9. How is a credit score calculated?

Your credit score is calculated by taking into account your loan repayment history, credit card usage, and other financial signals that can give loan providers a rough map of how responsible you’re with money and how much of a default risk you are.

Despite what your credit score is, you can always find one of the best personal loan companies that will offer you a loan.

10. How do interest rates work?

The rate of interest means how much the loan provider charges a customer for a loan and it is calculated as a percentage of the amount borrowed. For instance, if you take out a loan for $50,000 with an interest rate of 10%, you’ll end up paying $55,000 overtime.

If you get an interest rate of 20% though, you’ll be paying $60,000. If you’re consolidating debt and the interest rate is still lower than your earlier loan, then you’re in good condition. 

11. What is an APR?

An APR is a term for annual percentage rate. It adds the charges, fees, and payments to tell you the overall total of what your loan will cost you per year. The lesser the APR, the lesser you’re going to pay as time goes on.

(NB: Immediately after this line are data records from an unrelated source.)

(* Let $\mathcal D\subset\mathbb R^d$ be a bounded domain, $p>0$, and $\rho:\mathcal D\times\Omega\to[0,\infty)$ a non-negative (error density) random field. Fix $C\in(0,1)$, $\mathrm{TOL}_0>0$, $\theta\in(0,1)$, $C_\xi>0$, set $\mathrm{TOL}_\ell=C^\ell\mathrm{TOL}_0$, and assume the work and bias models described in the context. Assume the sampling error control satisfies either (i) (fully adaptive case) $\|\rho\|_{L^{d/(p+d)}_{\mathbb P}(\mathcal D\times\Omega)}<\infty$ and the level-$\ell$ mesh is $h_\ell(x;\omega)=\mathrm{TOL}_\ell^{1/p}\big(\int_{\mathcal D}\mathbb E[\rho^{\frac d{p+d}}]\big)^{-1/p}\rho(x;\omega)^{-\frac1{p+d}}$, so that $\int_{\mathcal D}\rho h_\ell^p\,dx=\mathrm{TOL}_\ell\int_{\mathcal D}\rho^{\frac d{p+d}}dx\big/\int_{\mathcal D}\mathbb E[\rho^{\frac d{p+d}}]$ for each sample; or (ii) (adaptive selection of uniform meshes) $\big\|\|\rho\|_{L^1(\mathcal D)}\big\|_{L^{d/(p+d)}_{\mathbb P}(\Omega)}<\infty$ and the level-$\ell$ mesh is the constant $h_\ell(\omega)=\mathrm{TOL}_\ell^{1/p}\big(\int_{\mathcal D}\rho(x;\omega)dx\big)^{-\frac1{p+d}}\big/\mathbb E\big[(\int_{\mathcal D}\rho)^{\frac d{p+d}}\big]^{1/p}$, so that $h_\ell^p\int_{\mathcal D}\rho\,dx=\mathrm{TOL}_\ell(\int_{\mathcal D}\rho)^{\frac d{p+d}}/\mathbb E[(\int_{\mathcal D}\rho)^{\frac d{p+d}}]$ for each sample. Then the MLMC work $W_{\mathrm{MLMC}}(\mathrm{TOL})$ defined in the context, with real-valued $L$ implied by the bias constraint, satisfies, as $\mathrm{TOL}\to0$ (with $C,\mathrm{TOL}_0,\theta,C_\xi$ fixed), $$W_{\mathrm{MLMC}}\simeq\begin{cases}K\,\mathrm{TOL}^{-2},& d<2p,\\ K\,\mathrm{TOL}^{-2}(\log\mathrm{TOL}^{-1})^2,& d=2p,\\ K\,\mathrm{TOL}^{-d/p},& d>2p,\end{cases}$$ (i.e. the ratio of the two sides tends to $1$), where $K=K_3K_4K_5$ with $K_3=\mathbb E[K_2]\mathrm{Var}[K_1]$, which equals $\|\rho\|^{d/p}_{L^{d/(p+d)}_{\mathbb P}(\mathcal D\times\Omega)}\big(c_V(\|\rho\|_{L^{d/(p+d)}(\mathcal D)}^{d/(p+d)})\big)^2$ in case (i) and $|\mathcal D|\,\big\|\|\rho\|_{L^1(\mathcal D)}\big\|^{d/p}_{L^{d/(p+d)}_{\mathbb P}(\Omega)}\big(c_V(\|\rho\|_{L^1(\mathcal D)}^{d/(p+d)})\big)^2$ in case (ii); $$K_4=\begin{cases}\mathrm{TOL}_0^{-d/p}\left(\sqrt{\frac{V_0}{\mathrm{Var}[K_1]}}\frac{1}{(C^{-1}-1)\sqrt{1+C^{d/p}}}+\mathrm{TOL}_0\frac{C^{1-\frac d{2p}}}{1-C^{1-\frac d{2p}}}\right)^2,& d<2p,\\ (\log C)^{-2},& d=2p,\\ (1-\theta)^{2-\frac dp}\big(1-C^{\frac d{2p}-1}\big)^{-2},& d>2p;\end{cases}$$ and $K_5=\left(\frac{C_\xi}{\theta}\right)^2(C^{-1}-1)^2(1+C^{d/p})$.
   Context: Norms: for $q=\frac d{p+d}\in(0,1)$, $\|g\|_{L^q_{\mathbb P}(\mathcal D\times\Omega)}=\big(\int_{\mathcal D}\mathbb E[|g|^q]\big)^{1/q}$ (a quasi-norm), similarly on $\mathcal D$ or $\Omega$ alone; $|\mathcal D|=\int_{\mathcal D}1\,dx$; $c_V(Y)=\sqrt{\mathrm{Var}[Y]}/\mathbb E[Y]$ is the coefficient of variation. In both cases the meshes have the form $h_\ell(x;\omega)=\mathrm{TOL}_\ell^{1/p}f(x;\omega)$ with $f$ independent of $\ell$; define $K_1(\omega)=\int_{\mathcal D}\rho f^p\,dx$ and $K_2(\omega)=\int_{\mathcal D}f^{-d}\,dx$. Work model: the expected work of one sample computed with mesh size function $h$ is $\int_{\mathcal D}\mathbb E[h^{-d}]$. Bias model: the error of the output computed on mesh $h$ is $\int_{\mathcal D}\rho h^p$, so level differences are modeled by $Q_\ell-Q_{\ell-1}\simeq\int_{\mathcal D}\rho(h_{\ell-1}^p-h_\ell^p)dx$. Accordingly the level variances and works are $V_0>0$ a constant (the variance of the level-$0$ output), $W_0=\int_{\mathcal D}\mathbb E[h_0^{-d}]=\mathrm{TOL}_0^{-d/p}\mathbb E[K_2]$, and for $\ell\ge1$: $V_\ell=\mathrm{TOL}_\ell^2(C^{-1}-1)^2\mathrm{Var}[K_1]$, $W_\ell=\int_{\mathcal D}\mathbb E[h_\ell^{-d}]+\int_{\mathcal D}\mathbb E[h_{\ell-1}^{-d}]=\mathrm{TOL}_\ell^{-d/p}(1+C^{d/p})\mathbb E[K_2]$. MLMC work: $W_{\mathrm{MLMC}}=\sum_{\ell=0}^L M_\ell W_\ell$ with real (non-rounded) optimal sample sizes $M_\ell=(C_\xi/(\theta\mathrm{TOL}))^2\sqrt{V_\ell/W_\ell}\sum_{m=0}^L\sqrt{W_mV_m}$, so that $W_{\mathrm{MLMC}}=(C_\xi/(\theta\mathrm{TOL}))^2\big(\sum_{\ell=0}^L\sqrt{W_\ell V_\ell}\big)^2$. The number of levels $L\in\mathbb R^+$ is implied by the bias constraint $\mathrm{TOL}_L=C^L\mathrm{TOL}_0=(1-\theta)\mathrm{TOL}$, i.e. $L=\log_C\big((1-\theta)\mathrm{TOL}/\mathrm{TOL}_0\big)$ (assuming $\mathrm{TOL}_0>(1-\theta)\mathrm{TOL}$); for non-integer $L$ the geometric sum $\sum_{\ell=1}^L C^{(1-\frac d{2p})\ell}$ is interpreted as $C^{1-\frac d{2p}}\frac{1-C^{(1-\frac d{2p})L}}{1-C^{1-\frac d{2p}}}$ when $d\ne2p$ and as $L$ when $d=2p$. *)

From HB Require Import structures.
From mathcomp Require Import all_boot all_order all_algebra.
From mathcomp Require Import all_classical all_reals all_analysis.
Set Implicit Arguments. Unset Strict Implicit. Unset Printing Implicit Defensive.
Import Order.TTheory GRing.Theory Num.Theory.
Import numFieldNormedType.Exports.
Local Open Scope classical_set_scope.
Local Open Scope ring_scope.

To calculate the APR on a personal loan, it’ll vary depending on your loan provider, but it will definitely be lower than what you would receive from a payday or short-term loan. It typically starts from 10% and ends at 35.99%. It’s not proper to be in debt, but if you need a loan, then a personal loan could certainly be a better option.

12. How much can I get approved for?

There is no definite answer to this question, it’s all dependent on what you need, your income and your capacity. You have to be sure that the monthly payments aren’t a heavy burden on you. After all, it’s not wise to take a loan only to be unable to keep up with the payments.

13. What loan term should I take?

This is a really simple estimation, but what works best for you can’t be that simple. Should you decide to go for one of the best personal loan companies that give short-term loans, you’ll definitely have higher monthly payments but you’ll pay less interest over the duration of the loan.

If it’s spread out over a longer loan period, your monthly payments will be lesser, but the overall interest you pay will be much higher.

Conclusion

Whether you’re taking a personal loan to cover large expenses, or you’re doing so to consolidate your other debts, it’s important to check out various options so you will get the best rates out there.

This is why this guide is useful as it presents you with the best personal loan companies, the reasons for choosing them, and other helpful questions you might have. Hopefully, this will help you make the right financial decision.